__Collected data entries__.
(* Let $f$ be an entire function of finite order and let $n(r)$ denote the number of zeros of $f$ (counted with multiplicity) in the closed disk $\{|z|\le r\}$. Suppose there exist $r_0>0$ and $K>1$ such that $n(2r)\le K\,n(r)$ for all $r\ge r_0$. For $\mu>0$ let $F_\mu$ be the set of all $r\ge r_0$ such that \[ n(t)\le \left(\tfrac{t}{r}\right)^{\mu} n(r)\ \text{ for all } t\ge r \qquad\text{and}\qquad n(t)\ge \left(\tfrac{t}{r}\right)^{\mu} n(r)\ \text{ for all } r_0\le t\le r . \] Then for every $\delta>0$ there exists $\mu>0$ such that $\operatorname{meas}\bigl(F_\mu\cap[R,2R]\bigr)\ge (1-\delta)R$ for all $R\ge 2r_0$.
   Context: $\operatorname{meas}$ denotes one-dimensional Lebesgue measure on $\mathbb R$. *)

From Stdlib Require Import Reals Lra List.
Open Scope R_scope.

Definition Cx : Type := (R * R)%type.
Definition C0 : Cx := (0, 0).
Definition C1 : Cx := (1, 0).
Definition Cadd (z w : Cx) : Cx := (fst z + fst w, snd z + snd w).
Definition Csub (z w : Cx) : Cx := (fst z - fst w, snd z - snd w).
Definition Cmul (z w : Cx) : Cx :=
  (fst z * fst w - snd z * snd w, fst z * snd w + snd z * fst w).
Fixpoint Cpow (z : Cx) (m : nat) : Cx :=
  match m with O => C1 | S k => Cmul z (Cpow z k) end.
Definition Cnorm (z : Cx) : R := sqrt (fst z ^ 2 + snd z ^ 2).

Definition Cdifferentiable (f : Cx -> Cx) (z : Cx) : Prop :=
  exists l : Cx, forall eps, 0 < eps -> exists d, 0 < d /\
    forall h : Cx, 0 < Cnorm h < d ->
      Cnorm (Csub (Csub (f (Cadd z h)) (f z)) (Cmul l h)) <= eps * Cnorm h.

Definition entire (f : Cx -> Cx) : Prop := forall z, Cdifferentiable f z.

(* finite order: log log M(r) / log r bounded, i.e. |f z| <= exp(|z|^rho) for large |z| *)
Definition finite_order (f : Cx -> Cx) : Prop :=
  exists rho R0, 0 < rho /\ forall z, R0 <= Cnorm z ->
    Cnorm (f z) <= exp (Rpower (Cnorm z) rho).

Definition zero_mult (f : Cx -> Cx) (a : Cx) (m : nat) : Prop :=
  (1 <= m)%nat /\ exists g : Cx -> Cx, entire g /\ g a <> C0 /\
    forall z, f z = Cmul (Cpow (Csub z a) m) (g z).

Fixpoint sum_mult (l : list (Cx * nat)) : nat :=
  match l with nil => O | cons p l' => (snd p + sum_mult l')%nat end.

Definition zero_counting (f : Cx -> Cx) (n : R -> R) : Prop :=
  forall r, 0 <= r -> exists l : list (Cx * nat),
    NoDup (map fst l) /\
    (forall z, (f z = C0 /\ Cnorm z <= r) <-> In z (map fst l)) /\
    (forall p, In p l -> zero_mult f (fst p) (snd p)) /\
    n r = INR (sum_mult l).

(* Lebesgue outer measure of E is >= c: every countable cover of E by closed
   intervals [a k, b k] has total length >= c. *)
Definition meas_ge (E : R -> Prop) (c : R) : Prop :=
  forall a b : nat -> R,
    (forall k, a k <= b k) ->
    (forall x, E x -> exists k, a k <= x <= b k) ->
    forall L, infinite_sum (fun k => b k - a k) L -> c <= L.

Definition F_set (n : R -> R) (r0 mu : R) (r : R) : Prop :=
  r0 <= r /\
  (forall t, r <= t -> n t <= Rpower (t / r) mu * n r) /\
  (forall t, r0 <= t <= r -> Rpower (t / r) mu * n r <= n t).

__Problem details__.
The expected answer is an exact copy of the lines beginning at the one with "Definition finite_order (f" and running to the end of the entries above.

__Answer for this exercise__.
Definition finite_order (f : Cx -> Cx) : Prop :=
  exists rho R0, 0 < rho /\ forall z, R0 <= Cnorm z ->
    Cnorm (f z) <= exp (Rpower (Cnorm z) rho).

Definition zero_mult (f : Cx -> Cx) (a : Cx) (m : nat) : Prop :=
  (1 <= m)%nat /\ exists g : Cx -> Cx, entire g /\ g a <> C0 /\
    forall z, f z = Cmul (Cpow (Csub z a) m) (g z).

Fixpoint sum_mult (l : list (Cx * nat)) : nat :=
  match l with nil => O | cons p l' => (snd p + sum_mult l')%nat end.

Definition zero_counting (f : Cx -> Cx) (n : R -> R) : Prop :=
  forall r, 0 <= r -> exists l : list (Cx * nat),
    NoDup (map fst l) /\
    (forall z, (f z = C0 /\ Cnorm z <= r) <-> In z (map fst l)) /\
    (forall p, In p l -> zero_mult f (fst p) (snd p)) /\
    n r = INR (sum_mult l).

(* Lebesgue outer measure of E is >= c: every countable cover of E by closed
   intervals [a k, b k] has total length >= c. *)
Definition meas_ge (E : R -> Prop) (c : R) : Prop :=
  forall a b : nat -> R,
    (forall k, a k <= b k) ->
    (forall x, E x -> exists k, a k <= x <= b k) ->
    forall L, infinite_sum (fun k => b k - a k) L -> c <= L.

Definition F_set (n : R -> R) (r0 mu : R) (r : R) : Prop :=
  r0 <= r /\
  (forall t, r <= t -> n t <= Rpower (t / r) mu * n r) /\
  (forall t, r0 <= t <= r -> Rpower (t / r) mu * n r <= n t).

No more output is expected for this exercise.